Saved entries
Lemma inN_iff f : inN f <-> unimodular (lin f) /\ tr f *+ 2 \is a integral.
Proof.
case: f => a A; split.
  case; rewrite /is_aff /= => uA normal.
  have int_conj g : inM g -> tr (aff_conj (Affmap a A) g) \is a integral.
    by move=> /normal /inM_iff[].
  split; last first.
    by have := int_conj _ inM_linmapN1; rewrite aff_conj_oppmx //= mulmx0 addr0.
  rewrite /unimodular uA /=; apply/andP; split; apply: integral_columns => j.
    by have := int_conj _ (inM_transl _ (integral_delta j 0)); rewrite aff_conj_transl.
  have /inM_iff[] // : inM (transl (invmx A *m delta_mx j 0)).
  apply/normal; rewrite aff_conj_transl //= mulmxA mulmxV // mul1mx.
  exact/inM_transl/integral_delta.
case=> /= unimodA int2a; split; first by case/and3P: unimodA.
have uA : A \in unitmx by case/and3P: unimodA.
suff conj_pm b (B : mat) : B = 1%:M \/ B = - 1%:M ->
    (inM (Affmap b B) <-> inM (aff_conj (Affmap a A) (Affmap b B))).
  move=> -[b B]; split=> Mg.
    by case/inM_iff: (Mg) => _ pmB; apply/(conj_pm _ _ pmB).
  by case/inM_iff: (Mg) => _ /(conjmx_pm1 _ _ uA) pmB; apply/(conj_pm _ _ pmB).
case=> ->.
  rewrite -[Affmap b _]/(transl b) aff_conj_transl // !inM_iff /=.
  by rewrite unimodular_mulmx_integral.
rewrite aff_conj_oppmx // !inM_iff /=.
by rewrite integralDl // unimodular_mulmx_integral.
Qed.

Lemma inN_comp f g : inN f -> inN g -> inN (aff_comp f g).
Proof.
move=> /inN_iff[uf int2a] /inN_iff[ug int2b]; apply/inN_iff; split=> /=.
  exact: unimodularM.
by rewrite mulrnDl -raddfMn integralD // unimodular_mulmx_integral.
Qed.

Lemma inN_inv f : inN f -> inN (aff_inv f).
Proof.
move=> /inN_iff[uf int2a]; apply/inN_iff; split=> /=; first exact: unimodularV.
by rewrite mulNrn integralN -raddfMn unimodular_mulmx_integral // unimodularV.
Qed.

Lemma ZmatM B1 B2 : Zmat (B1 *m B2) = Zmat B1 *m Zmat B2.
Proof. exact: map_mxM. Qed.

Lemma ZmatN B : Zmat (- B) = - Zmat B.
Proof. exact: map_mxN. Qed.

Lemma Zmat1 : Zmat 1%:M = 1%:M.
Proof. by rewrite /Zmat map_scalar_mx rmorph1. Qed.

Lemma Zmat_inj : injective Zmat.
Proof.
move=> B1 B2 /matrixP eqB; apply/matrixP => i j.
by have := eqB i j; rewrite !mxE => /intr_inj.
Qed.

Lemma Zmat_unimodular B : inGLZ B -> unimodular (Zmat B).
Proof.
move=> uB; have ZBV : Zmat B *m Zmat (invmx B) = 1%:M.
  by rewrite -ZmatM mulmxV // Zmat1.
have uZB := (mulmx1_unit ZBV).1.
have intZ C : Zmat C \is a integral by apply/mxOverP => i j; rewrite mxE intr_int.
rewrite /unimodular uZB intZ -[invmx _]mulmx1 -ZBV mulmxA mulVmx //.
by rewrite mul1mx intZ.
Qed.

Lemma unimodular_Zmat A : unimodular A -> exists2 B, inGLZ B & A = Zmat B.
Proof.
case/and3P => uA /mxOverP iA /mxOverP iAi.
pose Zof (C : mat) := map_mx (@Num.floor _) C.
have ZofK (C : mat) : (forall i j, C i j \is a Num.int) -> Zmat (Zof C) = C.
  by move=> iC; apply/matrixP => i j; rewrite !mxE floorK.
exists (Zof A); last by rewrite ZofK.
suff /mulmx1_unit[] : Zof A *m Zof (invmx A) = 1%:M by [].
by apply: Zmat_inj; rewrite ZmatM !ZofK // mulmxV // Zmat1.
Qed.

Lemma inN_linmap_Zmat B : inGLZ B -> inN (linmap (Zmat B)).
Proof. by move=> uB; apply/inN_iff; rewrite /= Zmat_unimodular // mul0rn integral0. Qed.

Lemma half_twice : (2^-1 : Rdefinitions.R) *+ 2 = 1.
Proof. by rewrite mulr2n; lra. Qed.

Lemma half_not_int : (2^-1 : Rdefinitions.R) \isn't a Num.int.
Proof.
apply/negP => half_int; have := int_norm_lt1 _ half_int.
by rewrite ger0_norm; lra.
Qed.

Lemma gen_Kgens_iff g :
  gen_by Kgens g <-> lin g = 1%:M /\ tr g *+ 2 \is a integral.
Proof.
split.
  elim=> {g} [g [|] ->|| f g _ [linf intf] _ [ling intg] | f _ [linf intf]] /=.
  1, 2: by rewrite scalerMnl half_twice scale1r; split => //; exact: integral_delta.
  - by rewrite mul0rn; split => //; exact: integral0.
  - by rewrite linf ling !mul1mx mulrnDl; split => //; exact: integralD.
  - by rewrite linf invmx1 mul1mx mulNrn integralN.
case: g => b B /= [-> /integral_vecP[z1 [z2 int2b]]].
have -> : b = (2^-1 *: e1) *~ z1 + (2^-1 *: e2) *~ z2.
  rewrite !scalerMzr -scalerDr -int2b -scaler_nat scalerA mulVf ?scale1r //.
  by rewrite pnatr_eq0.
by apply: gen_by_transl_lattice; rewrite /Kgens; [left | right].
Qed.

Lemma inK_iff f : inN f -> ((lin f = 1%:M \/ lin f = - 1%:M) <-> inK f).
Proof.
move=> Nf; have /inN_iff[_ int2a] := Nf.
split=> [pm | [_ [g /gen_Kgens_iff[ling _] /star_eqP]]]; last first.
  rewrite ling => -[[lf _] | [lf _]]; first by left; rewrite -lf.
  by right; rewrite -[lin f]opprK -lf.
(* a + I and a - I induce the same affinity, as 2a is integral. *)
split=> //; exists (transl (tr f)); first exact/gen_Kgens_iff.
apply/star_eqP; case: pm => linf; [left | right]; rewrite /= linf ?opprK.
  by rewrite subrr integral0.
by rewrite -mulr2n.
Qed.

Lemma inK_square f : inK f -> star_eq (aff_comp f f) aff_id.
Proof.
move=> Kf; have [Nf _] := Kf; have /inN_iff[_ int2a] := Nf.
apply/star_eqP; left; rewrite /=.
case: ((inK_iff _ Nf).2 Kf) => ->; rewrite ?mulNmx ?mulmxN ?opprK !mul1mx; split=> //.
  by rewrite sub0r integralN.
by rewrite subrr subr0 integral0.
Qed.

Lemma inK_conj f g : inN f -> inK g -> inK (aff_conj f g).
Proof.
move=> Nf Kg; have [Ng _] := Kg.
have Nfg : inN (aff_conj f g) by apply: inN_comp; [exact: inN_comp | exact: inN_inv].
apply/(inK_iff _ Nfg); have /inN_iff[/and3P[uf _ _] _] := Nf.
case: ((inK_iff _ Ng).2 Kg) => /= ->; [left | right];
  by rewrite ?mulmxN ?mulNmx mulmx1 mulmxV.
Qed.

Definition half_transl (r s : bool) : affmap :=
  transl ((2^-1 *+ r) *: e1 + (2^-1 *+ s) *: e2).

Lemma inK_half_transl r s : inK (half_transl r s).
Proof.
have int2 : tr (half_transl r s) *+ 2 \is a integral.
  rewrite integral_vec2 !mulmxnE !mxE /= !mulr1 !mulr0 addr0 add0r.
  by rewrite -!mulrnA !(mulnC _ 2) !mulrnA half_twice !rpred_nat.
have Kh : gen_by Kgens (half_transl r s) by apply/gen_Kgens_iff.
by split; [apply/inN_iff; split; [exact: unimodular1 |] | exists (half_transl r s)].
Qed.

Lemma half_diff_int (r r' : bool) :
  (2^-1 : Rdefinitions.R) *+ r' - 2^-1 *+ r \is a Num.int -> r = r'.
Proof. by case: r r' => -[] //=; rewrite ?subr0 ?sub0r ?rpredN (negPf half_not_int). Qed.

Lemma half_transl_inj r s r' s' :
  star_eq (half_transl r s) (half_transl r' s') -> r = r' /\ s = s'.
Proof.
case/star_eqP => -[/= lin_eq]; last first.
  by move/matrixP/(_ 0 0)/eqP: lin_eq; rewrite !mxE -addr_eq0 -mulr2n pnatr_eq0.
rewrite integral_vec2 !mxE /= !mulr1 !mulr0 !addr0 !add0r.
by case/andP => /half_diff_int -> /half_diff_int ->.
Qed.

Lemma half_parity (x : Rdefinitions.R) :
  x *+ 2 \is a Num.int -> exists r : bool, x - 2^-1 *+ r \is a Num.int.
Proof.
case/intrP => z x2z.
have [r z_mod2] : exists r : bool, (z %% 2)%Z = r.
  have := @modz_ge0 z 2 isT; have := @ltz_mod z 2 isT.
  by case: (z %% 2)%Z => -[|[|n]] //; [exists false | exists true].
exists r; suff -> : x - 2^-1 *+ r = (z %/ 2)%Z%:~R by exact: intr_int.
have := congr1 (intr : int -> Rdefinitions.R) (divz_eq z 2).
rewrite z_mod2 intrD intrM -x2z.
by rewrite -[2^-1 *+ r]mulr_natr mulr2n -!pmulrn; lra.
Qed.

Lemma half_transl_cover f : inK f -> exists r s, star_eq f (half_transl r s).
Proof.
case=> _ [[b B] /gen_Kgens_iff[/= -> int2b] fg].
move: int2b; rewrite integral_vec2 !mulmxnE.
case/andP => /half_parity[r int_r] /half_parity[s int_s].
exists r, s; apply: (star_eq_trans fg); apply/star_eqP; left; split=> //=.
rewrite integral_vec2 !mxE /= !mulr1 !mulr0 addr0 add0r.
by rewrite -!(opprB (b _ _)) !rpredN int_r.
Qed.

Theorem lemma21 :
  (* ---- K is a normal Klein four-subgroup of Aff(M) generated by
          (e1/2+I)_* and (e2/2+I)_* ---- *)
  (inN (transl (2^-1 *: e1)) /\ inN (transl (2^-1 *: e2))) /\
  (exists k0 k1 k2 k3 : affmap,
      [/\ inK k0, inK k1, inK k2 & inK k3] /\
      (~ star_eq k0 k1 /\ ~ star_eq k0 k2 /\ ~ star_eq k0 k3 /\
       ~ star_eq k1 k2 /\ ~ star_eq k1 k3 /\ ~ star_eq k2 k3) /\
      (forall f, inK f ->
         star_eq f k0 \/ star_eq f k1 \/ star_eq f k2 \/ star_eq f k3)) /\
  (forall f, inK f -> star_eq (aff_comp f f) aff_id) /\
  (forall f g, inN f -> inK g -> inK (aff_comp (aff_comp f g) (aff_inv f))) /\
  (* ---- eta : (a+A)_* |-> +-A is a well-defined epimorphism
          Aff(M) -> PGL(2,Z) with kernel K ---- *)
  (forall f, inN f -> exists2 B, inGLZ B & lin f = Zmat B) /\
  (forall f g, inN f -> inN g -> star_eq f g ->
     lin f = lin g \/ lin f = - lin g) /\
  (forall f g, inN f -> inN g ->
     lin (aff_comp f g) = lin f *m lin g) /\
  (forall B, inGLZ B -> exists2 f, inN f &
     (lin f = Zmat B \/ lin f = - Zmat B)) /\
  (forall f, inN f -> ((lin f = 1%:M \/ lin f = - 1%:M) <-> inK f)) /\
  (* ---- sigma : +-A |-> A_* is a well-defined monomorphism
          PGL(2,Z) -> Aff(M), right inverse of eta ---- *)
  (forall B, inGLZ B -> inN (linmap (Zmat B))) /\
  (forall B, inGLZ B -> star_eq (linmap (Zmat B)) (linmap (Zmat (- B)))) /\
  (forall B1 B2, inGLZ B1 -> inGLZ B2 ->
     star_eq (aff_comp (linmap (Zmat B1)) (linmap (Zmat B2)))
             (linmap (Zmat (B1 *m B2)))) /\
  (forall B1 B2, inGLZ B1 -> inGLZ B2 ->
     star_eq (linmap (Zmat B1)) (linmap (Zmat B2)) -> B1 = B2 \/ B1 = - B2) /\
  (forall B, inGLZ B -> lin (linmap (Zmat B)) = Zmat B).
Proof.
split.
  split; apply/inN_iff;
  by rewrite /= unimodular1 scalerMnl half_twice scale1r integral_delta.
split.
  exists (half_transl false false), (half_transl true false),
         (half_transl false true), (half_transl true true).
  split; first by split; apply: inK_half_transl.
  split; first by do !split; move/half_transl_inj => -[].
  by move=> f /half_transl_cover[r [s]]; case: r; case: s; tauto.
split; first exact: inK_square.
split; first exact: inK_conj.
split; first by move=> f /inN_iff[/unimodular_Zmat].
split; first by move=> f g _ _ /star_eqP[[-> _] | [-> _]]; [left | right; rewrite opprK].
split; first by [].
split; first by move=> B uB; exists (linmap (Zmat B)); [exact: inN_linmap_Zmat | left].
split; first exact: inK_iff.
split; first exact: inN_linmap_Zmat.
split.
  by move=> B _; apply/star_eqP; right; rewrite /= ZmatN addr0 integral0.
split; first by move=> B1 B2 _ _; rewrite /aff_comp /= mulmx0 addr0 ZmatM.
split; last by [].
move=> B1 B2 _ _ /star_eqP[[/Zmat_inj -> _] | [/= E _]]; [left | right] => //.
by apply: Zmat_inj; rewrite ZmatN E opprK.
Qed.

#### [EXERCISE GOAL]
Look above for the line holding "by rewrite subrr subr0 integral0.". Print it and every line after it, exactly, through the line holding "by move/matrixP/(_ 0".

#### [EXPECTED ANSWER]
by rewrite subrr subr0 integral0.
Qed.

Lemma inK_conj f g : inN f -> inK g -> inK (aff_conj f g).
Proof.
move=> Nf Kg; have [Ng _] := Kg.
have Nfg : inN (aff_conj f g) by apply: inN_comp; [exact: inN_comp | exact: inN_inv].
apply/(inK_iff _ Nfg); have /inN_iff[/and3P[uf _ _] _] := Nf.
case: ((inK_iff _ Ng).2 Kg) => /= ->; [left | right];
  by rewrite ?mulmxN ?mulNmx mulmx1 mulmxV.
Qed.

Definition half_transl (r s : bool) : affmap :=
  transl ((2^-1 *+ r) *: e1 + (2^-1 *+ s) *: e2).

Lemma inK_half_transl r s : inK (half_transl r s).
Proof.
have int2 : tr (half_transl r s) *+ 2 \is a integral.
  rewrite integral_vec2 !mulmxnE !mxE /= !mulr1 !mulr0 addr0 add0r.
  by rewrite -!mulrnA !(mulnC _ 2) !mulrnA half_twice !rpred_nat.
have Kh : gen_by Kgens (half_transl r s) by apply/gen_Kgens_iff.
by split; [apply/inN_iff; split; [exact: unimodular1 |] | exists (half_transl r s)].
Qed.

Lemma half_diff_int (r r' : bool) :
  (2^-1 : Rdefinitions.R) *+ r' - 2^-1 *+ r \is a Num.int -> r = r'.
Proof. by case: r r' => -[] //=; rewrite ?subr0 ?sub0r ?rpredN (negPf half_not_int). Qed.

Lemma half_transl_inj r s r' s' :
  star_eq (half_transl r s) (half_transl r' s') -> r = r' /\ s = s'.
Proof.
case/star_eqP => -[/= lin_eq]; last first.
  by move/matrixP/(_ 0 0)/eqP: lin_eq; rewrite !mxE -addr_eq0 -mulr2n pnatr_eq0.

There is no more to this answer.